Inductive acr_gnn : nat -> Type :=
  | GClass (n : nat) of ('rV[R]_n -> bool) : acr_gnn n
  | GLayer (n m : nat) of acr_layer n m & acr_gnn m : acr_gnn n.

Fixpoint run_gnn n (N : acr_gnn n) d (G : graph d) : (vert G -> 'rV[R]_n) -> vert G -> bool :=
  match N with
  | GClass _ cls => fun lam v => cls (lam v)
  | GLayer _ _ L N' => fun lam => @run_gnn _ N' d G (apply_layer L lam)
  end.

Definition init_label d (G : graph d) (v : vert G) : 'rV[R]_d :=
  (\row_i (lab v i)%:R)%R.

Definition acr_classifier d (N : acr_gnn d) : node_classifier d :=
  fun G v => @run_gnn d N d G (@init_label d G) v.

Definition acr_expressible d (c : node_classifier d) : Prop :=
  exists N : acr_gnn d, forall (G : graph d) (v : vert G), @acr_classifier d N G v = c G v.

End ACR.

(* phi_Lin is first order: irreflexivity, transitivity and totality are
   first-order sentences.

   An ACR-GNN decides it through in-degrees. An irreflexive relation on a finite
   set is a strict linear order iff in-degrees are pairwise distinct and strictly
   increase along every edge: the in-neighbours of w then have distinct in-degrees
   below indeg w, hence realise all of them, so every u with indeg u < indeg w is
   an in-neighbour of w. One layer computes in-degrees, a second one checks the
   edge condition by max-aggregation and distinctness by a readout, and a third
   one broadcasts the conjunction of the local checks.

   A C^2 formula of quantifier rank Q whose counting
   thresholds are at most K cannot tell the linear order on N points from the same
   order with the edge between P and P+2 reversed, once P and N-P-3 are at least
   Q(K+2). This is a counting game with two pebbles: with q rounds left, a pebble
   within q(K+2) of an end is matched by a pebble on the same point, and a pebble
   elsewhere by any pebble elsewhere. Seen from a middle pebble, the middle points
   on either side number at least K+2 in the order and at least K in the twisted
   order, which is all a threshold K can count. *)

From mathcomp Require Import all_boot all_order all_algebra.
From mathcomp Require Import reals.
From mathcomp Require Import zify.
...
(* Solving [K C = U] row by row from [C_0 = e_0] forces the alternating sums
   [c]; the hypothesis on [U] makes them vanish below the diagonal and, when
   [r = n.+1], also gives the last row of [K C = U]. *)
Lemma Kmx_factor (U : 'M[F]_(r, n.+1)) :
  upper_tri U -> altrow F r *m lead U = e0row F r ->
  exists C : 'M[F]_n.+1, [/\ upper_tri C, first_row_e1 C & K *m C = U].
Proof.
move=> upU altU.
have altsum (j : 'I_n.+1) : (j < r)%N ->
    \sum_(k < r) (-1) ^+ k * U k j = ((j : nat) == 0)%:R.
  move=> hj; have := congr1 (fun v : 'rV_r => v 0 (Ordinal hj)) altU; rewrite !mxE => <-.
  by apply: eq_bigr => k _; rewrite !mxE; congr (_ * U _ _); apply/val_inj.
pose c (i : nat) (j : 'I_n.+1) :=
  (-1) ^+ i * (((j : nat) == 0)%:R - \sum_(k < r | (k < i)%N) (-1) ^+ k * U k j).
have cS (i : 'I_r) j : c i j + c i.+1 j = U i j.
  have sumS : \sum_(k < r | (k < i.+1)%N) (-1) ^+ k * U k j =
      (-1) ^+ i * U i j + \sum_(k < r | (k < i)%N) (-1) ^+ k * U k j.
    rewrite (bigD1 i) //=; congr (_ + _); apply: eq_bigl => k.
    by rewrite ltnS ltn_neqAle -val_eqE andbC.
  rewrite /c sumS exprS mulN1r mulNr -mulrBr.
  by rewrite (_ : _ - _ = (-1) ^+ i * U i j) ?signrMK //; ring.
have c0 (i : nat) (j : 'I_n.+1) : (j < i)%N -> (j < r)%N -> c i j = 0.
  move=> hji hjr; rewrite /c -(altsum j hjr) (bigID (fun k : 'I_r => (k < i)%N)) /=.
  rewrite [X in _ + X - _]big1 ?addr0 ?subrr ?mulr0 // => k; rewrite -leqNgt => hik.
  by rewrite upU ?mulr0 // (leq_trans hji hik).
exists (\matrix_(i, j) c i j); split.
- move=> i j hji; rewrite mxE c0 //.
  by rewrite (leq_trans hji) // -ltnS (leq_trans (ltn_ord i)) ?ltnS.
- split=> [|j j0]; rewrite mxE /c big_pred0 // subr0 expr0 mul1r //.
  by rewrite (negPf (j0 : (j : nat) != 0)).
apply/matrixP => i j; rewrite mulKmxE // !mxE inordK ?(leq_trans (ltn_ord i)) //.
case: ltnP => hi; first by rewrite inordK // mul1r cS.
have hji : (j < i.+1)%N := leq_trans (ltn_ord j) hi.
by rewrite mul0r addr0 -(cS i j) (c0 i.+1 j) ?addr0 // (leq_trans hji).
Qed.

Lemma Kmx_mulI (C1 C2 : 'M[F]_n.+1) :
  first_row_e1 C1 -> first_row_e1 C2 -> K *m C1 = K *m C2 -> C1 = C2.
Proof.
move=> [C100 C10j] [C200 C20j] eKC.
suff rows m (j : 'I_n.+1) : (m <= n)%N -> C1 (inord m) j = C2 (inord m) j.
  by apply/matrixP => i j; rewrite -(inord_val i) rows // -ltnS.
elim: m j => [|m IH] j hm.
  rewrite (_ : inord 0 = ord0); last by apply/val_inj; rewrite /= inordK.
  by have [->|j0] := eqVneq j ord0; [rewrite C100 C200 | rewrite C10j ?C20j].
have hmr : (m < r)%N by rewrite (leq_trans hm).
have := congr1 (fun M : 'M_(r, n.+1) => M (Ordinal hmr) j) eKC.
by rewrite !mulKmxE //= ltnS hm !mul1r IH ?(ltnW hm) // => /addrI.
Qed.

● YOUR INSTRUCTIONS: Only those lines of the entries above that run from the line containing "Definition acr_expressible d" to the line containing "first-order sentences.", both included, should be transcribed exactly.

● REPLY:
Definition acr_expressible d (c : node_classifier d) : Prop :=
  exists N : acr_gnn d, forall (G : graph d) (v : vert G), @acr_classifier d N G v = c G v.

End ACR.

(* phi_Lin is first order: irreflexivity, transitivity and totality are
   first-order sentences.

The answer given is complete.